Los muros de cemento inconcluso se erigían como esqueletos desafiantes en
medio de la penumbra perpetua. Bajo aquellos gigantes de hormigón, una multitud
errante avanzaba sin rumbo, arrastrando su miseria a través de charcos
cenagosos y hierros retorcidos. Sus pasos, lentos y toscos, eran apenas el eco
de una especie empeñada en sobrevivir un día más, como un enjambre de langostas
que devora, sin piedad, los últimos resquicios de alimento envasado en latas
oxidadas.
En sus rostros marchitos se dibujaba la sombra de mil
historias truncas por un cataclismo cuyo nombre se había perdido en los abismos
del tiempo. Cada jornada, la convicción de seguir con vida parecía disminuir un
poco más, disuelta en la lluvia ácida y en el viento que traía recuerdos de lo
que alguna vez fue el verdor del mundo. Para la mayoría, solo quedaba un
letargo indolente, un avanzar mecánico sin la menor esperanza de encontrar nada
nuevo.
Entre aquellas figuras errabundas, un niño se
retrasaba, asido de la mano de su padre, un hombre de barba rala y mirada
vencida. De vez en cuando, aquel niño rezagado giraba la cabeza, explorando con
ojos inocentes los contornos rotos del horizonte. Fue entonces cuando algo
inusual atrapó su atención: un diminuto brote verde, un tallo esbelto que
emergía, rebelde, entre el barro gris. La criatura parpadeó con asombro,
incapaz de comprender aquella chispa viva en medio de la devastación. Jamás
había contemplado otra forma de vida que no fueran ellos mismos.
—¡Padre! —susurró con voz débil, temeroso de quebrar
el silencio opresivo que los envolvía—. ¡Padre!
El hombre, sumido en la desesperanza y asfixiado por
el cansancio, se limitó a estirar un brazo hacia atrás, sin dignarse a mirar.

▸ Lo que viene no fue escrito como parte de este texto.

Lemma ideal_gen_mono G1 G2 f : (forall g, G1 g -> G2 g) ->
  ideal_gen D G1 f -> ideal_gen D G2 f.
Proof.
move=> G12 [m [u [g [v [Guv ef]]]]]; exists m, u, g, v; split => // i.
by have [gu [/G12 G2g gv]] := Guv i.
Qed.

Lemma ideal_gen_sub G1 G2 f : (forall g, G2 g -> islinF g) ->
  (forall g, G1 g -> ideal_gen D G2 g) -> ideal_gen D G1 f -> ideal_gen D G2 f.
Proof.
move=> linG2 G12 [m [u [g [v [Guv ef]]]]].
apply: ideal_gen_ext (fun x => esym (ef x)); apply: ideal_gen_sum => i.
by have [gu [/G12 G2g gv]] := Guv i; apply: ideal_gen_conv.
Qed.

Lemma Igen_lin phi psi g : islinF phi -> islinF psi -> Igen D phi psi g -> islinF g.
Proof.
move=> lphi lpsi [n gn] a x y; rewrite !gn /restr hproj_lin // lphi lpsi.
by rewrite mulrBr opprD addrACA.
Qed.

End Convolution.

Section HopfMorphism.
Variables (k : fieldType) (H' H : algType k) (D' : HopfData H') (D : HopfData H).
Variable alpha : H' -> H.
Hypothesis ha : is_hopf_morph D' D alpha.

Local Notation alpha2 := (fun p : H' * H' => (alpha p.1, alpha p.2)).

Lemma alpha_lin : islinM alpha. Proof. by case: ha. Qed.
Lemma alpha_hproj n x : alpha (hproj D' n x) = hproj D n (alpha x).
Proof. by case: ha => _ [_ [_ []]]. Qed.
Lemma alpha_hcop x : teq (hcop D (alpha x)) (map alpha2 (hcop D' x)).
Proof. by case: ha => _ [_ [_ [_ []]]]. Qed.

Lemma alpha_htrunc N x : alpha (htrunc D' N x) = htrunc D N (alpha x).
Proof.
by rewrite /htrunc (islinM_sum _ _ _ alpha_lin); apply: eq_bigr => n _; apply: alpha_hproj.
Qed.

Lemma tev_comp (f g : H -> k) s :
  tev f g (map alpha2 s) = tev (fun x => f (alpha x)) (fun x => g (alpha x)) s.
Proof. by rewrite /tev big_map. Qed.

Lemma teq_comp s t : teq s t -> teq (map alpha2 s) (map alpha2 t).
Proof. by move=> eqst f g lf lg; rewrite !tev_comp eqst //; apply: islinF_comp alpha_lin. Qed.

Lemma conv_comp (f g : H -> k) x : islinF f -> islinF g ->
  conv D f g (alpha x) = conv D' (fun y => f (alpha y)) (fun y => g (alpha y)) x.
Proof. by move=> lf lg; rewrite convE alpha_hcop // tev_comp. Qed.

Lemma gdual_comp (f : H -> k) : gdual D f -> gdual D' (fun x => f (alpha x)).
Proof.
move=> [lf [N fN]]; split; first exact: islinF_comp alpha_lin.
by exists N => n x hn; rewrite alpha_hproj fN.
Qed.

Lemma lfree_comp (l : seq H') : injective alpha -> lfree l -> lfree (map alpha l).
Proof.
move=> inj fl c; rewrite size_map => hc; apply: fl; apply: inj.
rewrite (islinM0 alpha_lin) -{}hc /lcomb size_map (islinM_sum _ _ _ alpha_lin).
by apply: eq_bigr => i _; rewrite (islinMZ alpha_lin) (nth_map 0).
Qed.

Lemma graded_subcoalg_image C' : is_graded_subcoalg D' C' ->
  is_graded_subcoalg D (fun y => exists2 x, C' x & y = alpha x).
Proof.
move=> [C0 [Clin [Cproj Ccop]]].
split; first by exists 0; rewrite ?(islinM0 alpha_lin).
split.
  move=> a _ _ [x Cx ->] [y Cy ->].
  by exists (a *: x + y); [apply: Clin | rewrite alpha_lin].
split; first by move=> n _ [x Cx ->]; exists (hproj D' n x); [apply: Cproj | rewrite alpha_hproj].
move=> _ [x Cx ->]; have [s [/nth_pairs_in Cs eqs]] := Ccop x Cx.
exists (map alpha2 s); split; last exact: teq_trans (alpha_hcop x) (teq_comp eqs).
apply/(nth_pairs_in (fun y => exists2 x, C' x & y = alpha x)) => _ /mapP [p ps ->].
have [Cp1 Cp2] := Cs p ps.
by split; [exists p.1 | exists p.2].
Qed.

(* Rewrite the coproduct with free second factors, then with free first factors;
   [alpha] keeps them free, so [tensor_fst_in] and [tensor_snd_in] apply in turn. *)
Lemma graded_subcoalg_preimage C : is_gcHopf D -> injective alpha ->
  is_graded_subcoalg D C -> is_graded_subcoalg D' (fun x => C (alpha x)).
Proof.
move=> hD inj gC; have sC := graded_subcoalg_subspace gC.
case: gC => [C0 [Clin [Cproj Ccop]]].
split; first by rewrite (islinM0 alpha_lin).
split; first by move=> a x y Cx Cy; rewrite alpha_lin; apply: Clin.
split; first by move=> n x Cx; rewrite alpha_hproj; apply: Cproj.
move=> y Cy; have [s [/nth_pairs_in Cs eqs]] := Ccop _ Cy.
have [r1 [eqr1 fr1]] := teq_free_snd (hcop D' y).
have eq1 : teq (map alpha2 r1) s.
  exact: teq_trans (teq_comp eqr1) (teq_trans (teq_sym (alpha_hcop y)) eqs).
have C1 : {in r1, forall p, C (alpha p.1)}.
  move=> p pr1; apply: (tensor_fst_in hD sC Cs eq1 _ (map_f alpha2 pr1)).
  by rewrite -map_comp (map_comp alpha snd); apply: lfree_comp.
have [r2 [eqr2 fr2 r2r1]] := teq_free_fst r1.
have eq2 : teq (map alpha2 r2) s := teq_trans (teq_comp eqr2) eq1.
have C2 : {in r2, forall p, C (alpha p.2)}.
  move=> p pr2; apply: (tensor_snd_in hD sC Cs eq2 _ (map_f alpha2 pr2)).
  by rewrite -map_comp (map_comp alpha fst); apply: lfree_comp.
exists r2; split; last exact: teq_sym (teq_trans eqr2 eqr1).
apply/(nth_pairs_in (fun x => C (alpha x))) => p pr2; split; last exact: C2.
have /r2r1 /mapP [q qr1 ->] := map_f fst pr2; exact: C1.
Qed.

Lemma Sset_comp phi psi x :
  Sset D' (fun y => phi (alpha y)) (fun y => psi (alpha y)) x -> Sset D phi psi (alpha x).
Proof.
move=> [C' [gC' [eqC' C'x]]]; exists (fun y => exists2 x, C' x & y = alpha x).
by split; [apply: graded_subcoalg_image | split=> [_ [y /eqC' ? ->] //|]; exists x].
Qed.

Lemma Sset_comp_inj phi psi x : is_gcHopf D -> injective alpha ->
  Sset D phi psi (alpha x) -> Sset D' (fun y => phi (alpha y)) (fun y => psi (alpha y)) x.
Proof.
move=> hD inj [C [gC [eqC Cx]]]; exists (fun y => C (alpha y)).
by split; [apply: graded_subcoalg_preimage | split=> // y /eqC].
Qed.

Lemma Igen_comp phi psi g : Igen D phi psi g ->
  Igen D' (fun x => phi (alpha x)) (fun x => psi (alpha x)) (fun x => g (alpha x)).
Proof. by move=> [n gn]; exists n => x; rewrite gn /restr alpha_hproj. Qed.

Lemma Igen_lift phi psi g' : Igen D' (fun x => phi (alpha x)) (fun x => psi (alpha x)) g' ->
  exists g, Igen D phi psi g /\ forall x, g' x = g (alpha x).
Proof.
move=> [n gn]; exists (fun y => restr D phi n y - restr D psi n y).
by split=> [|x]; [exists n | rewrite gn /restr alpha_hproj].
Qed.

Lemma ideal_gen_comp (G : (H -> k) -> Prop) (G' : (H' -> k) -> Prop) h : is_gcHopf D ->
  (forall g, G g -> islinF g) -> (forall g, G g -> G' (fun x => g (alpha x))) ->
  ideal_gen D G h -> ideal_gen D' G' (fun x => h (alpha x)).
Proof.
move=> hD linG GG' [m [u [g [v [Guv eh]]]]].
exists m, (fun i x => u i (alpha x)), (fun i x => g i (alpha x)), (fun i x => v i (alpha x)).
split=> [i|x]; first by have [gu [/GG' Gg gv]] := Guv i; split; [|split]; try apply: gdual_comp.
rewrite eh; apply: eq_bigr => i _; have [[lu _] [/linG lg [lv _]]] := Guv i.
rewrite conv_comp //; last exact: conv_lin.
congr (conv D' _ _ x).
by apply: functional_extensionality => y; rewrite conv_comp.
Qed.

(* A basis [e] of the degrees [< N] of [H'] stays free under [alpha], so the values
   of [u] on it can be prescribed by a form on [H] factoring through [htrunc D N]. *)
Lemma gdual_lift u : is_gcHopf D' -> is_gcHopf D -> injective alpha -> gdual D' u ->
  exists U, gdual D U /\ forall x, U (alpha x) = u x.
Proof.
move=> hD' hD inj [lu [N uN]].
have [w' [spanw' fixw']] := htrunc_span hD' N.
have [e [fe ew' spane]] := lfree_extend w' (@lfree_nil k H').
have [w [spanw _]] := htrunc_span hD N.
have fixe j : (j < size (map alpha e))%N -> htrunc D N (map alpha e)`_j = (map alpha e)`_j.
  by rewrite size_map => hj; rewrite (nth_map 0) // -alpha_htrunc fixw' // ew' // mem_nth.
have [U [lU Ue UN]] :=
  linF_extend (fun j => u e`_j) (htrunc_lin hD N) spanw (lfree_comp inj fe) fixe.
exists U; split=> [|x].
  by split=> //; exists N => n x hn; apply: UN; rewrite htrunc_hproj // ltnNge hn.
have ker_x : htrunc D N (alpha x - alpha (htrunc D' N x)) = 0.
  by rewrite (islinMB (htrunc_lin hD N)) alpha_htrunc htrunc_idem ?subrr.
rewrite -[alpha x](subrK (alpha (htrunc D' N x))) (islinFD lU) UN // add0r.
rewrite -(linF_htrunc hD' x lu uN).
have [c ->] := lspan_trans spane (spanw' x).
rewrite /lcomb (islinM_sum _ _ _ alpha_lin) (islinF_sum _ _ _ lU) (islinF_sum _ _ _ lu).
apply: eq_bigr => i _.
by rewrite (islinMZ alpha_lin) (islinFZ lU) (islinFZ lu) -(nth_map 0 0) ?Ue ?size_map.
Qed.

Lemma ideal_gen_lift (G : (H -> k) -> Prop) (G' : (H' -> k) -> Prop) f :
  is_gcHopf D' -> is_gcHopf D -> injective alpha -> (forall g, G g -> islinF g) ->
  (forall g', G' g' -> exists g, G g /\ forall x, g' x = g (alpha x)) ->
  ideal_gen D' G' f -> exists h, ideal_gen D G h /\ forall x, f x = h (alpha x).
Proof.
move=> hD' hD inj linG liftG [m [u [g [v [Guv ef]]]]].
have [U hU] := choice _ (fun i => gdual_lift hD' hD inj (Guv i).1).
have [E hE] := choice _ (fun i => liftG _ (Guv i).2.1).
have [V hV] := choice _ (fun i => gdual_lift hD' hD inj (Guv i).2.2).
exists (fun y => \sum_(i < m) conv D (conv D (U i) (E i)) (V i) y); split.
  by exists m, U, E, V; split=> // i; split; [|split]; [case: (hU i) | case: (hE i) | case: (hV i)].
move=> x; rewrite ef; apply: eq_bigr => i _.
have [[lU _] Uu] := hU i; have [/linG lE gE] := hE i; have [[lV _] Vv] := hV i.
have -> : u i = fun y => U i (alpha y) by apply: functional_extensionality => y; rewrite Uu.
have -> : g i = fun y => E i (alpha y) by apply: functional_extensionality.
have -> : v i = fun y => V i (alpha y) by apply: functional_extensionality => y; rewrite Vv.
rewrite conv_comp //; last exact: conv_lin.
by congr (conv D' _ _ x); apply: functional_extensionality => y; rewrite conv_comp.
Qed.

End HopfMorphism.

Unset Implicit Arguments.

Theorem proposition5p6 (k : fieldType) (H' H : algType k)
    (D' : HopfData H') (D : HopfData H) (alpha : H' -> H)
    (phi psi : H -> k) :
  is_gcHopf D' -> is_gcHopf D -> is_hopf_morph D' D alpha ->
  is_character phi -> is_character psi ->
  let phi' := fun x => phi (alpha x) in
  let psi' := fun x => psi (alpha x) in
  (* (a) *)
  (forall x, Sset D' phi' psi' x -> Sset D phi psi (alpha x)) /\
  (* (b) *)
  (forall f : H' -> k, Iset D' phi' psi' f <->
     ideal_gen D' (fun g => exists h, Iset D phi psi h /\
                                      forall x, g x = h (alpha x)) f) /\
  (* injective case *)
  (injective alpha ->
     (forall x, Sset D' phi' psi' x <-> Sset D phi psi (alpha x)) /\
     (forall f : H' -> k, Iset D' phi' psi' f <->
        exists h, Iset D phi psi h /\ forall x, f x = h (alpha x))).
Proof.
move=> hD' hD ha [lphi _] [lpsi _]; cbv zeta.
have linI := Igen_lin hD lphi lpsi.
have linI' := Igen_lin hD' (islinF_comp lphi (alpha_lin ha)) (islinF_comp lpsi (alpha_lin ha)).
have pullback_Iset h : Iset D phi psi h ->
    Iset D' (fun x => phi (alpha x)) (fun x => psi (alpha x)) (fun x => h (alpha x)).
  by move=> Ih; exact (ideal_gen_comp ha hD linI (Igen_comp ha (phi := phi) (psi := psi)) Ih).
split; first by move=> x; apply: (Sset_comp ha (phi := phi) (psi := psi)).
split=> [f|inj].
  split; last first.
    apply: (ideal_gen_sub hD' linI') => g [h [Ih gh]].
    exact: ideal_gen_ext (pullback_Iset h Ih) (fun x => esym (gh x)).
  apply: ideal_gen_mono => g /(Igen_lift ha) [h [Ih gh]].
  by exists h; split => //; exact (ideal_gen_base hD Ih (linI h Ih)).
split=> [x|f]; first by split; [apply: (Sset_comp ha (phi := phi) (psi := psi)) |
  apply: (Sset_comp_inj ha (phi := phi) (psi := psi) hD inj)].
split; first exact (ideal_gen_lift ha hD' hD inj linI (Igen_lift ha (phi := phi) (psi := psi))).
move=> [h [Ih fh]]; exact: ideal_gen_ext (pullback_Iset h Ih) (fun x => esym (fh x)).
Qed.
Theorem proposition3p22 (N : option nat) (a : nat -> RR) (P : nat -> set mmspace)
    (M : option nat) (Nk : nat -> set nat) :
  in_A1 N a ->
  (forall n, idx N n -> pyramid (P n)) ->
  is_partition N M Nk ->
  let alpha := fun k => fine (\esum_(n in Nk k) (a n)%:E) in
  dsum (idx N) a P =
  dsum (idx M) alpha (fun k => dsum (Nk k) (fun n => a n / alpha k) P).
Proof.
move=> aA1 _ NkP alpha; apply/seteqP; split.
- exact: dsum_sub_blocks.
- exact: blocks_sub_dsum.
Qed.
(* Let $b_0,\dots,b_{n-1}\in\{0,1\}$, $D=\Theta^{-1}[b_0,\dots,b_{n-1}]_0\subset\Omega$, and let $1\le r<k\le s$ be integers. Then $\mathbb P(\{\omega_0=s\}\cap D)\le\mathbb P(\{\omega_0=r\}\cap D)+\mathbb P(\{\omega_0=k\}\cap D)$.
   Context: $\Omega=\mathbb N_+^{\mathbb N}$ with $\mathbb P$ the product measure $\mathbb P[a_0,\dots,a_{m-1}]=\prod_{j<m}2^{-a_j}$ (i.i.d. coordinates with $\mathbb P(\omega_j=a)=2^{-a}$). $\theta(a_1,a_2)=1$ if $a_2=a_1+1$ and $0$ otherwise; $\Theta:\Omega\to\{0,1\}^{\mathbb N}$, $(\Theta\omega)_j=\theta(\omega_j,\omega_{j+1})$; $[b_0,\dots,b_{n-1}]_0=\{\gamma\in\{0,1\}^{\mathbb N}:\gamma_j=b_j,0\le j<n\}$. *)

From Stdlib Require Import Reals Lra Lia Arith List.
Open Scope R_scope.

(* A point of Omega = N_+^N is a sequence omega : nat -> nat (coordinates >= 1). *)
Definition Omega := nat -> nat.

(* theta(a1,a2) = 1 iff a2 = a1 + 1 ; encoded as a boolean (true = 1, false = 0) *)
Definition theta (a1 a2 : nat) : bool := Nat.eqb a2 (S a1).

Definition Theta (w : Omega) (j : nat) : bool := theta (w j) (w (S j)).

Definition inD (n : nat) (b : nat -> bool) (w : Omega) : bool :=
  forallb (fun j => Bool.eqb (Theta w j) (b j)) (seq 0 n).

Fixpoint rsum (N : nat) (g : nat -> R) : R :=
  match N with 0 => 0 | S N' => rsum N' g + g (S N') end.
(* For every positive integer $d$ there exists $c>0$ such that the following holds. Let $G$ be the intersection graph of $n\geq 2$ open axis-parallel boxes in $\mathbb{R}^d$, and let $H$ be a comparability graph on $V(G)$. If $G\cap H$ contains no clique of size $s$, then $\chi(G\cap H)\leq c\,s(\log n)^{d}$.
   Context: An open axis-parallel box in $\mathbb{R}^d$ is a set $\{x\in\mathbb{R}^d: a_i<x_i<b_i \ \forall i\in[d]\}$. The intersection graph of a family of boxes has the boxes as vertices, two being adjacent iff they intersect. A comparability graph is a graph $H$ for which there is a partial order $\prec$ on $V(H)$ such that $\{x,y\}\in E(H)$ iff $x\prec y$ or $y\prec x$. For graphs $G,H$ on the same vertex set, $G\cap H$ is the graph on that vertex set with edge set $E(G)\cap E(H)$. $\chi$ denotes chromatic number. *)

From Stdlib Require Import Reals.
From mathcomp Require Import all_boot.
Set Implicit Arguments. Unset Strict Implicit. Unset Printing Implicit Defensive.

Definition in_open_box (d : nat) (a b x : 'I_d -> R) : Prop :=
  forall i : 'I_d, Rlt (a i) (x i) /\ Rlt (x i) (b i).

Definition box_graph (d : nat) (T : finType) (a b : T -> 'I_d -> R)
  (u v : T) : Prop :=
  u <> v /\ exists x : 'I_d -> R, in_open_box (a u) (b u) x /\ in_open_box (a v) (b v) x.

Definition comparability_graph (T : finType) (H : T -> T -> Prop) : Prop :=
  exists lt : rel T, irreflexive lt /\ transitive lt /\
    forall x y, H x y <-> (lt x y || lt y x).

Definition graphI (T : Type) (G H : T -> T -> Prop) (u v : T) : Prop :=
  G u v /\ H u v.

Definition has_clique (T : finType) (G : T -> T -> Prop) (s : nat) : Prop :=
  exists K : {set T}, #|K| = s /\
    forall u v, u \in K -> v \in K -> u != v -> G u v.

Definition colorable (T : finType) (G : T -> T -> Prop) (k : nat) : Prop :=
  exists f : T -> 'I_k, forall u v, G u v -> f u <> f v.

Definition is_chromatic_number (T : finType) (G : T -> T -> Prop) (k : nat) : Prop :=
  colorable G k /\ forall m, colorable G m -> (k <= m)%N.

From Stdlib Require Import Reals Lra.
From mathcomp Require Import all_boot zify.
Set Implicit Arguments. Unset Strict Implicit. Unset Printing Implicit Defensive.

(* Ranking all 2n endpoints of the i-th coordinate intervals turns each box
   into a product of integer intervals (lo, hi] with hi <= 2n, without changing
   which pairs of boxes meet.  Such an interval has a unique point of maximal
   2-adic valuation, its dyadic point, and that valuation (its level) is at most
   log2 (2n).  If two meeting intervals have the same level, their dyadic points
   coincide (otherwise a multiple of twice the common power of 2 would lie
   between them, inside one of the intervals), while intervals with a common
   dyadic point meet.  Hence among boxes with a given level vector, of which
   there are O(log n)^d, G is a disjoint union of cliques indexed by the dyadic
   point vector.  On each clique G ∩ H is the comparability graph of H, whose
   chains have fewer than s elements, so colouring by the height in H uses s
   colours. *)

Lemma dvdn_double_between P x y : 0 < P -> P %| x -> P %| y -> x < y ->
  exists2 z, x <= z <= y & P * 2 %| z.
Proof.
move=> P0 /dvdnP[i ->] /dvdnP[j ->]; rewrite ltn_pmul2r // => lt_ij.
case: (boolP (odd i)) => odd_i.
- exists (i.+1 * P); first by rewrite !leq_mul2r lt_ij leqnSn !orbT.
  by rewrite [_ * P]mulnC dvdn_mul // dvdn2 /= negbK.
- exists (i * P); first by rewrite leqnn leq_mul2r ltnW ?orbT.
  by rewrite [_ * P]mulnC dvdn_mul // dvdn2.
Qed.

De sus labios agrietados brotó un gruñido ininteligible, la única respuesta
posible a la llamada de su hijo. El niño, obligado por el tirón brusco, dio un
paso en falso. Su bota gastada se hundió en el barro y aplastó el tierno brote
con un crujido casi imperceptible.
La marcha prosiguió entre ruinas y el polvo, sin que
nadie advirtiera el eterno silencio que acababa de nacer. Y así, sin saberlo,
la humanidad dio el paso definitivo hacia su propio ocaso.